## Required work
In the entries below, find each line with the word "mathcomp" and return it.

[Data extracted from a collection]
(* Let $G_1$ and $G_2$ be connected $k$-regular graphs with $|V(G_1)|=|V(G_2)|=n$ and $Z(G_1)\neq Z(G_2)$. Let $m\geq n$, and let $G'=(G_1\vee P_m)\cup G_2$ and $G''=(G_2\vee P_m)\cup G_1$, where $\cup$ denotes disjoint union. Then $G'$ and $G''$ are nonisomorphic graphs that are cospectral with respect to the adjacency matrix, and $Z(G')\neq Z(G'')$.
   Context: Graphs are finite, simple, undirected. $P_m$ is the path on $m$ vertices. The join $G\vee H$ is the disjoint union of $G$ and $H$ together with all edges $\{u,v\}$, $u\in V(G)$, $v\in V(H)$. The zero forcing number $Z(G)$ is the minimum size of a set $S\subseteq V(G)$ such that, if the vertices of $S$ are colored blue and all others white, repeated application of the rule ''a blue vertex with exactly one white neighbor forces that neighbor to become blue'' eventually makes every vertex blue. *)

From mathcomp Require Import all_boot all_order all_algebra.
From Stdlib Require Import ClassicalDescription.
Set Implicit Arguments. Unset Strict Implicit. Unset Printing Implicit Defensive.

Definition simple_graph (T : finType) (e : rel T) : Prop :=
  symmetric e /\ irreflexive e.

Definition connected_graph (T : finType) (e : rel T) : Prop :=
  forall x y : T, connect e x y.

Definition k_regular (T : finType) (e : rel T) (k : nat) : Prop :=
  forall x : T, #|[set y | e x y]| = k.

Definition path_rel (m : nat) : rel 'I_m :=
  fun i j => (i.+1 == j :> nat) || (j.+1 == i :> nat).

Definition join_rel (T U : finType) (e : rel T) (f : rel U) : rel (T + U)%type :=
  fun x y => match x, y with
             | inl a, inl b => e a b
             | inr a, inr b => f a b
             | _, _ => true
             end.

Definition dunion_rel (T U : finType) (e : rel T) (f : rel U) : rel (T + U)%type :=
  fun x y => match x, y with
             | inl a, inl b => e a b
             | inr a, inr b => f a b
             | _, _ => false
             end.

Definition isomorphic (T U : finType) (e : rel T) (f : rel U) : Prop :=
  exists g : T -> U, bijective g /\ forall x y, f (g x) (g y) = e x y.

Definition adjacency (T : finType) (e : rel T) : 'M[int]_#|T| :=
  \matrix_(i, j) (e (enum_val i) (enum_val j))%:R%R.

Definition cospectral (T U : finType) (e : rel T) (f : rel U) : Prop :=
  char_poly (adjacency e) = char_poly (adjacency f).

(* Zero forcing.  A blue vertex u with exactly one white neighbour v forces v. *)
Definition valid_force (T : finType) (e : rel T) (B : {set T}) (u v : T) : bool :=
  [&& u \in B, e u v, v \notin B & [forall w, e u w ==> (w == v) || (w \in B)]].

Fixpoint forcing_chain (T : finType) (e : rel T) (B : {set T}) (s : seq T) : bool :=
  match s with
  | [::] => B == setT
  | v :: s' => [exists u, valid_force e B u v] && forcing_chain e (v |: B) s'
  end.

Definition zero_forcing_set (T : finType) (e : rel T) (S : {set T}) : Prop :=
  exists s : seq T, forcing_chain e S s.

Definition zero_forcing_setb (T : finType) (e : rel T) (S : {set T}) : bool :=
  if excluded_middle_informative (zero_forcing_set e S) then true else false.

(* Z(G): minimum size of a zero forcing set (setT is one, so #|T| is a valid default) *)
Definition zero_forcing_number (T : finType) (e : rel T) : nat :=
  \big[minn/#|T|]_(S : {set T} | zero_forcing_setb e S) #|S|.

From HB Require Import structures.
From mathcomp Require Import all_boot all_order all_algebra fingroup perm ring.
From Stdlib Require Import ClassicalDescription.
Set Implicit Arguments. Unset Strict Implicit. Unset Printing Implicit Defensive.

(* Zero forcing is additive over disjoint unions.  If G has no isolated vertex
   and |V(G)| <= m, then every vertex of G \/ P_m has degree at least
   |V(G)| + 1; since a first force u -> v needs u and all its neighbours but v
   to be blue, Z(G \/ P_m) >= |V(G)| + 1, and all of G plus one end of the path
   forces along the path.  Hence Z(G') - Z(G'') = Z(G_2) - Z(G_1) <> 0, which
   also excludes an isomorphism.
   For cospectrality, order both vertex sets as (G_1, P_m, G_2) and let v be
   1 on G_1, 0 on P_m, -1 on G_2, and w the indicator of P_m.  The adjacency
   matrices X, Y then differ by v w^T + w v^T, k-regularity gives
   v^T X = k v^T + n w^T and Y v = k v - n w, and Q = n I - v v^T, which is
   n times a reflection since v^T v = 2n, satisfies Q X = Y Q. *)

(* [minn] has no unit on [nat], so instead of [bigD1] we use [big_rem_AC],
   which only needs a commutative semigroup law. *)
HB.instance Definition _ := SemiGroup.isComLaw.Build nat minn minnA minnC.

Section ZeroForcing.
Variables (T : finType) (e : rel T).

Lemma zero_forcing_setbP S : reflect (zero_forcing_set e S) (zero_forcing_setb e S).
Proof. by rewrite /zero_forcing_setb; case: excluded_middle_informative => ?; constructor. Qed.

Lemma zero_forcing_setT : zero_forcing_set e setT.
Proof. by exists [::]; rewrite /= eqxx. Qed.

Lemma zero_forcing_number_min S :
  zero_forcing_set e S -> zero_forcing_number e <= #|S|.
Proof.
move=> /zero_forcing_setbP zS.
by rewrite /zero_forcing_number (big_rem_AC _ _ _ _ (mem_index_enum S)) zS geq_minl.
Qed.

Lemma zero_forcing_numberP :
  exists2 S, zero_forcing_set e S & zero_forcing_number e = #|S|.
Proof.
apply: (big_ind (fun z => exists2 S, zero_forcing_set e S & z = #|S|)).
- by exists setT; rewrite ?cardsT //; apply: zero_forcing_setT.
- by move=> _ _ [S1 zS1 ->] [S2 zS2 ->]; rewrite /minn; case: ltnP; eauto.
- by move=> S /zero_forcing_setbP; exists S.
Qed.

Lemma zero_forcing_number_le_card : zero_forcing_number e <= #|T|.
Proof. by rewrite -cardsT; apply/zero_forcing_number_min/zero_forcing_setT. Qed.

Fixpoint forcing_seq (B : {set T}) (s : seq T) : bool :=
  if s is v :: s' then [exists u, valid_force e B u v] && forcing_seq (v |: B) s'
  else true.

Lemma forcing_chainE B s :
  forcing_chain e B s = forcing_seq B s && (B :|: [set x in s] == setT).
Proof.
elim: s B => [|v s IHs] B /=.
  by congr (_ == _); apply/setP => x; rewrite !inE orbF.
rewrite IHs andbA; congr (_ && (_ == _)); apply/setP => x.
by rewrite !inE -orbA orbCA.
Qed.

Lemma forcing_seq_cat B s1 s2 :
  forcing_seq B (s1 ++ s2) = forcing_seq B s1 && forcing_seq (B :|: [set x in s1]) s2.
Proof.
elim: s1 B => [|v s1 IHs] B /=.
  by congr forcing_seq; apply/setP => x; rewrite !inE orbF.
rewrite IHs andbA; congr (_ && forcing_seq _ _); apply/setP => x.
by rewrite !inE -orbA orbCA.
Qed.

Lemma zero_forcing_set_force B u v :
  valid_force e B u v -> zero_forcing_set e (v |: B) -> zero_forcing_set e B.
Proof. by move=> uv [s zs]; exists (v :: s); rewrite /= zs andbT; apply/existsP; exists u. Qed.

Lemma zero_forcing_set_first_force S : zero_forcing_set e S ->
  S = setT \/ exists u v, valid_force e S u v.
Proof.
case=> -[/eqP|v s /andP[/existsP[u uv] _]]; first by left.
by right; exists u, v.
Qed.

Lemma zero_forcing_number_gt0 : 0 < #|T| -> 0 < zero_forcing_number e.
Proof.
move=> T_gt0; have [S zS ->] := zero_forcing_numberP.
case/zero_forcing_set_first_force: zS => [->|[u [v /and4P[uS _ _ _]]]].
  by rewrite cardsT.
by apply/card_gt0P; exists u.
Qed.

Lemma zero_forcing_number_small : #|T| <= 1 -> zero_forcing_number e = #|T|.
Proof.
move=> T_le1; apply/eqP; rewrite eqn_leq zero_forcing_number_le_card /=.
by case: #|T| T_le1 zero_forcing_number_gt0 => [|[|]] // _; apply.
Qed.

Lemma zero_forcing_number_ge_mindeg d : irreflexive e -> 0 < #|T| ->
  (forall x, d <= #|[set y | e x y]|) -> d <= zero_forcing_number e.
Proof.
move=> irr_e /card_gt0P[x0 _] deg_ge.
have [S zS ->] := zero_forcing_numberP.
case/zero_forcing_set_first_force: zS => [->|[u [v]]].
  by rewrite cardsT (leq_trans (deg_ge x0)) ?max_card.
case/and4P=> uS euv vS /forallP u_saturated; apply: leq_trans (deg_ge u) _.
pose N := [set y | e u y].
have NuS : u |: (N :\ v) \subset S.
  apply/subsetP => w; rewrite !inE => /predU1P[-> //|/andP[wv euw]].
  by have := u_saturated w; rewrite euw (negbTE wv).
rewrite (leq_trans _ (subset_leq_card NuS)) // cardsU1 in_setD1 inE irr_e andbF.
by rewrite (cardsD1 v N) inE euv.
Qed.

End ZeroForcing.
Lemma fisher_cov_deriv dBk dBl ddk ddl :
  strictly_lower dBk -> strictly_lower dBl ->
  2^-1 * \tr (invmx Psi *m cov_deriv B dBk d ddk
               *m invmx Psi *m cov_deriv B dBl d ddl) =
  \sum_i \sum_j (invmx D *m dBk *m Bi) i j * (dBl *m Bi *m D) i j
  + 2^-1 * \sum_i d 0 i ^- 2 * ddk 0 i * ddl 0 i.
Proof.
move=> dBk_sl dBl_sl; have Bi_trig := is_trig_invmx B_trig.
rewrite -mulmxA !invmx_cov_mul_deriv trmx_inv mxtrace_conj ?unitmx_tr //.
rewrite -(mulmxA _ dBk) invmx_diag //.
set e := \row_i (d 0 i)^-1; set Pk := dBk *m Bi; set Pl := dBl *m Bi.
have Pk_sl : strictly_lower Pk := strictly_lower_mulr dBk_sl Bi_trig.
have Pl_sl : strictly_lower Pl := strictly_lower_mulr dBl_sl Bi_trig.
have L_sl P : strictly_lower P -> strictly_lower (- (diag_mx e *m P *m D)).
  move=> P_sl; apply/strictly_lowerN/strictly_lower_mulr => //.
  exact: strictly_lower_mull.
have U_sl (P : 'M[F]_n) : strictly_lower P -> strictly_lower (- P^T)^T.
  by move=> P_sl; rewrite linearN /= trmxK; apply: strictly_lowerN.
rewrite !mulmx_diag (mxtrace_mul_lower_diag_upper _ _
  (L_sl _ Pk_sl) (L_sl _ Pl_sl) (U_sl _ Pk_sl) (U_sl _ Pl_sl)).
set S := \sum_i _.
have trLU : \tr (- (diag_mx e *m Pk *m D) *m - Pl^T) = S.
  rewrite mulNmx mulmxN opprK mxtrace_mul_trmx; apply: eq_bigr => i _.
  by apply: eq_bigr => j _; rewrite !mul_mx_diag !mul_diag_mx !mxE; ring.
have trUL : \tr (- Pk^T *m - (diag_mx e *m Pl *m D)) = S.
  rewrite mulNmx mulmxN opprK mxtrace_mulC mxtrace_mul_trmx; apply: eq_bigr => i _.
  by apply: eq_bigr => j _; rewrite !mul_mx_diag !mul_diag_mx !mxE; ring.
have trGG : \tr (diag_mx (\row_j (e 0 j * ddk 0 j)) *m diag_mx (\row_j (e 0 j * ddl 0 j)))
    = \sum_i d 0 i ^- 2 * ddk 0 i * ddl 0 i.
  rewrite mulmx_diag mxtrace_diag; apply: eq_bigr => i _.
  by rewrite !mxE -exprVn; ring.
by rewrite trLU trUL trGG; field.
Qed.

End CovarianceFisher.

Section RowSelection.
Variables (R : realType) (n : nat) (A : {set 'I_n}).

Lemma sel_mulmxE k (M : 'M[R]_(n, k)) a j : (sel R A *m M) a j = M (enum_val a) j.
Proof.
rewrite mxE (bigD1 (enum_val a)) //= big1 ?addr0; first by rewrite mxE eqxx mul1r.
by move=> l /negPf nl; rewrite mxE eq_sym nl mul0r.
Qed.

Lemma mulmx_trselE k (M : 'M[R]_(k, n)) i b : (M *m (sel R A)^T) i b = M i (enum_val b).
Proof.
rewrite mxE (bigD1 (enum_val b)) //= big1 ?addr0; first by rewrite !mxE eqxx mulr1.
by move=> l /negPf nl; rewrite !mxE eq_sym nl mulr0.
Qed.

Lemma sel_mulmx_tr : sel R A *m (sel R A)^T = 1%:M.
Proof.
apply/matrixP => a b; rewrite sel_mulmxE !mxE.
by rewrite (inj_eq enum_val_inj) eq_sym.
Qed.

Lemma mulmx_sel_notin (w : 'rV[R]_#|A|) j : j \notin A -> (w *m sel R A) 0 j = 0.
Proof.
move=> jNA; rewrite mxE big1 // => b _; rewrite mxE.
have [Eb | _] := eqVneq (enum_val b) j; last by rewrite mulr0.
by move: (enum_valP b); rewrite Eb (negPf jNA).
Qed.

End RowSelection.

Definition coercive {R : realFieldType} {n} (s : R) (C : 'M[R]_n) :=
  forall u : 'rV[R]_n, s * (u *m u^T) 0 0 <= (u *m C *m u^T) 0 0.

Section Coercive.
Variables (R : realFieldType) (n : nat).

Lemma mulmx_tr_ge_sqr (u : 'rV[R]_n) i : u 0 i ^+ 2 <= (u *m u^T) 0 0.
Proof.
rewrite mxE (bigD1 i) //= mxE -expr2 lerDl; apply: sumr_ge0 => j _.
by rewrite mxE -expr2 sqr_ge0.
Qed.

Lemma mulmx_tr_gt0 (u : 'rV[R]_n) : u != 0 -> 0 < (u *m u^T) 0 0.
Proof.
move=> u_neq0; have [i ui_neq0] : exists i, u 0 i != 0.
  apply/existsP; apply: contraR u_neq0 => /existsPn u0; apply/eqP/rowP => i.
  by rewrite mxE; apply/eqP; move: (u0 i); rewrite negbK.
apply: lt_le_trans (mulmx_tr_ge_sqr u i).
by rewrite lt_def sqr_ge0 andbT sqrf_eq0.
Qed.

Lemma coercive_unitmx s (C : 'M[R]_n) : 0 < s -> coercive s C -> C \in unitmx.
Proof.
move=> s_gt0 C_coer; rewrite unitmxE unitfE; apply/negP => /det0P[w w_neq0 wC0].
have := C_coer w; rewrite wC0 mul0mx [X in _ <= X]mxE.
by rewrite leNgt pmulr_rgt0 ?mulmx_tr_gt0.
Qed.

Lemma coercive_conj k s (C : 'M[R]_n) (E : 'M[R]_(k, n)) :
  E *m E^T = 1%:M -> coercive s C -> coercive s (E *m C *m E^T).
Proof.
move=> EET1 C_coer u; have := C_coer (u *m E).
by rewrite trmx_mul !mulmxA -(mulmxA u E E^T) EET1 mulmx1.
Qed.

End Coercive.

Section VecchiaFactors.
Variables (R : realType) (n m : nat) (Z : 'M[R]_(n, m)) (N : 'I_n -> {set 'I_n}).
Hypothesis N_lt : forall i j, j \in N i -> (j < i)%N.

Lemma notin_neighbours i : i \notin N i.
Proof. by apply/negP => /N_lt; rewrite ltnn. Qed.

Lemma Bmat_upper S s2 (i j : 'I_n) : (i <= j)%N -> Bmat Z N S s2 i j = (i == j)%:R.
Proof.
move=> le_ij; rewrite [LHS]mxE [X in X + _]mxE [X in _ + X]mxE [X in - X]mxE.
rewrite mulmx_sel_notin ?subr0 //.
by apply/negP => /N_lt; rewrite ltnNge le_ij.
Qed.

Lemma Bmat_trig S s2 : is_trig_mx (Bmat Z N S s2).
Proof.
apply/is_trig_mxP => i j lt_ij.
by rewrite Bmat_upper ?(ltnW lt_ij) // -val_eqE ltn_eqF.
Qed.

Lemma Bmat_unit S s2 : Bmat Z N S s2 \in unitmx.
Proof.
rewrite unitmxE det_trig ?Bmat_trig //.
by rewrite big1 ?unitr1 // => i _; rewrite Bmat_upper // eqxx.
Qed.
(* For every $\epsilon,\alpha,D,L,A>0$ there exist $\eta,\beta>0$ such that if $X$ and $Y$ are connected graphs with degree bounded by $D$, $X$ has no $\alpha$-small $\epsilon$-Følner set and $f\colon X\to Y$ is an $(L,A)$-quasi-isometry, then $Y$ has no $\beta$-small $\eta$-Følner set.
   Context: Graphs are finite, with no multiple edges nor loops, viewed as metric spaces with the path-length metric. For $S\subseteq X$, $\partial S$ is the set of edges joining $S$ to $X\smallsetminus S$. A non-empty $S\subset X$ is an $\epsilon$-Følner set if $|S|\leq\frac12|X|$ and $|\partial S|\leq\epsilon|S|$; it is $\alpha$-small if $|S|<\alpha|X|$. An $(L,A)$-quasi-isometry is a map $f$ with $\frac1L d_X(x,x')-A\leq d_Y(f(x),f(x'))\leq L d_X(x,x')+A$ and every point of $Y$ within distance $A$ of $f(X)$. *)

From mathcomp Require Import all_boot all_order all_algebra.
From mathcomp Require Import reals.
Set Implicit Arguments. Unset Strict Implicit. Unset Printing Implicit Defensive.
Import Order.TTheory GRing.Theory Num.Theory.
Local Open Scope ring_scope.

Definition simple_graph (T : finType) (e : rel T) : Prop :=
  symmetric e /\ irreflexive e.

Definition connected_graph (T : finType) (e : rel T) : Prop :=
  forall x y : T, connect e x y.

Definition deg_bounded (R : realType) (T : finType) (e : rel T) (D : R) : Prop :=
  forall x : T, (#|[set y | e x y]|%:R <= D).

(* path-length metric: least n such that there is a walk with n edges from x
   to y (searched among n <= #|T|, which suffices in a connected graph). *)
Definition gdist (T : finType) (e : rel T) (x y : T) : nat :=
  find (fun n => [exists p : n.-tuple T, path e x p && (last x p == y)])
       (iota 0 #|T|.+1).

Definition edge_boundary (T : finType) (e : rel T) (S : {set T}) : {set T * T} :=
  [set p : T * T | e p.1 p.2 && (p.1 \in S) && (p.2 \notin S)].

## Written solution
From mathcomp Require Import all_boot all_order all_algebra.
From mathcomp Require Import all_boot all_order all_algebra fingroup perm ring.
From mathcomp Require Import all_boot all_order all_algebra.
From mathcomp Require Import reals.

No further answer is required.